The barque Nicaragua, under the command of Captain William Marshall, appeared the next day and picked up either 127 or 129 survivors. The Guardian of 11 June 1849 reported 49 dead and 127 rescued, a total of 176 – "the total number supposed to be embarked", but this may exclude the three officers who abandoned ship. The same article also lists 159 passengers and an unspecified number of daughters of an Ann Lennox. Captain Marshall compiled a slightly different list that includes ten passengers not found on the Guardians tally and omits four that are. Marshall later transferred a number of survivors to other ships: 28 to the barque Broom, 17 to the barque Lord Byron, 22 to the barque Aldebaran, and 20 to the Port of Glasgow. He arrived in Quebec City with the remainder on 10 or 14 May. Dr Graham later died in a Quebec hospital.

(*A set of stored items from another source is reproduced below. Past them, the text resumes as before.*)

(* eta^x(B) = (gam_p^{r(x)} x delta_x x gam_q^{d(x)})(B), the product measure
   evaluated as an iterated integral *)
Definition eta_meas (R : realType) (S G T : ptopologicalType)
    (gG : groupoid_ops G)
    (gp : G -> {measure set (Borel S) -> \bar R})
    (gq : G -> {measure set (Borel T) -> \bar R})
    (x : G) (B : set (SGT S G T)) : \bar R :=
  (\int[gp (grng gG x)]_s \int[gq (gsrc gG x)]_t (\1_B ((s, x), t) : R)%:E)%E.

Definition muP0 (R : realType) (S G T : ptopologicalType)
    (gG : groupoid_ops G) (muG : {measure set (Borel G) -> \bar R})
    (gp : G -> {measure set (Borel S) -> \bar R})
    (gq : G -> {measure set (Borel T) -> \bar R})
    (B : set (SGT S G T)) : \bar R :=
  (\int[muG]_x eta_meas gG gp gq x B)%E.

From HB Require Import structures.
From mathcomp Require Import all_boot all_algebra.
From mathcomp Require Import all_classical all_reals all_analysis.
From mathcomp Require Import measurable_realfun lebesgue_measure.
Import mathcomp.order.order.Order.TTheory GRing.Theory Num.Theory.
Local Open Scope classical_set_scope.
Local Open Scope ring_scope.

(* Two disintegrations of mu_S^(0) over mu_G^(0) coincide at mu_G^(0)-almost
   every unit: they give the same integrals over every Borel set of units, hence
   agree almost everywhere on each member of a countable pi-system generating the
   Borel sets, once restricted to one of countably many open sets on which both
   are uniformly bounded (local boundedness and second countability).  The
   exceptional null set N of units pulls back under r to a mu_G-null set because
   each lambda^u lives on r^-1(u), and under d = r o inv by quasi-invariance; off
   these two sets eta^x and its counterpart for the other pair coincide. *)

Lemma continuous_grng {X : ptopologicalType} {g : groupoid_ops X} :
  is_lch_topological_groupoid g -> continuous (grng g).
Proof.
case=> -[[[_ _] _ _ _ Hinv] Hmul] cinv _ _ _ x.
have compo y : composable g (y, ginv g y) by rewrite /composable /=; case: (Hinv y).
have -> : grng g = (fun z : X * X => gmul g z.1 z.2) \o (fun y => (y, ginv g y)).
  by apply: funext => y /=; case: (Hinv y).
move/subspace_continuousP : Hmul => /(_ _ (compo x)) Hm.
apply: (cvg_comp _ _ _ Hm) => P /(cvg_pair (cvg_id) (cinv x)) HP.
exact: filterS (fun y Py => Py (compo y)) HP.
Qed.

Lemma gsrcE {X : Type} {g : groupoid_ops X} : is_groupoid g ->
  gsrc g = grng g \o ginv g.
Proof. by case=> _ _ _ _ Hinv; apply: funext => x /=; case: (Hinv x). Qed.

Lemma continuous_gsrc {X : ptopologicalType} {g : groupoid_ops X} :
  is_lch_topological_groupoid g -> continuous (gsrc g).
Proof.
move=> hg; have [[/gsrcE -> _] cinv _ _ _] := hg.
by move=> x; apply: continuous_comp; [exact: cinv | exact: continuous_grng].
Qed.

Lemma closed_fixpoints (X : topologicalType) (f : X -> X) :
  hausdorff_space X -> continuous f -> closed [set x | f x = x].
Proof.
move=> hX cf x clx; apply: hX => A B nA nB.
have /clx [y [fy [Ay By]]] : nbhs x (f @^-1` A `&` B) by apply: filterI => //; exact: cf.
by exists y; split => //; rewrite -fy.
Qed.

Lemma gunitE {X : Type} {g : groupoid_ops X} : is_groupoid g ->
  gunit g = [set x | grng g x = x].
Proof.
case=> -[Hunit Hfix] _ _ _ _; apply/seteqP; split => x /=; first by case/Hfix.
by move=> <-; case: (Hunit x).
Qed.

Lemma closed_gunit {X : ptopologicalType} {g : groupoid_ops X} :
  is_lch_topological_groupoid g -> closed (gunit g).
Proof.
move=> hg; have cr := continuous_grng hg.
by case: hg => -[/gunitE -> _] _ _ _ hX; exact: closed_fixpoints.
Qed.

Section Borel_sets.
Context {X : ptopologicalType}.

Shaw and the other two officers were rescued by the Margaret Pollock and reached Quebec. The Ballina Chronicle reported that a charge was laid against the three "of their being guilty of one of the most revolting acts of inhumanity that can be conceived." However, according to Famine and Shipwreck, An Irish Odyssey, Shaw successfully defended himself by casting doubt on the testimony of Graham and others, and escaped punishment.

==Documentary films==
A Northern Ireland documentary titled The Ice Emigrants deals with the tragedy and aired on the BBC in February 2011. Journalist Brian McKenna has produced another documentary of the incident called Famine and Shipwreck, An Irish Odyssey, which was broadcast on 17 March 2011 on CBC Television.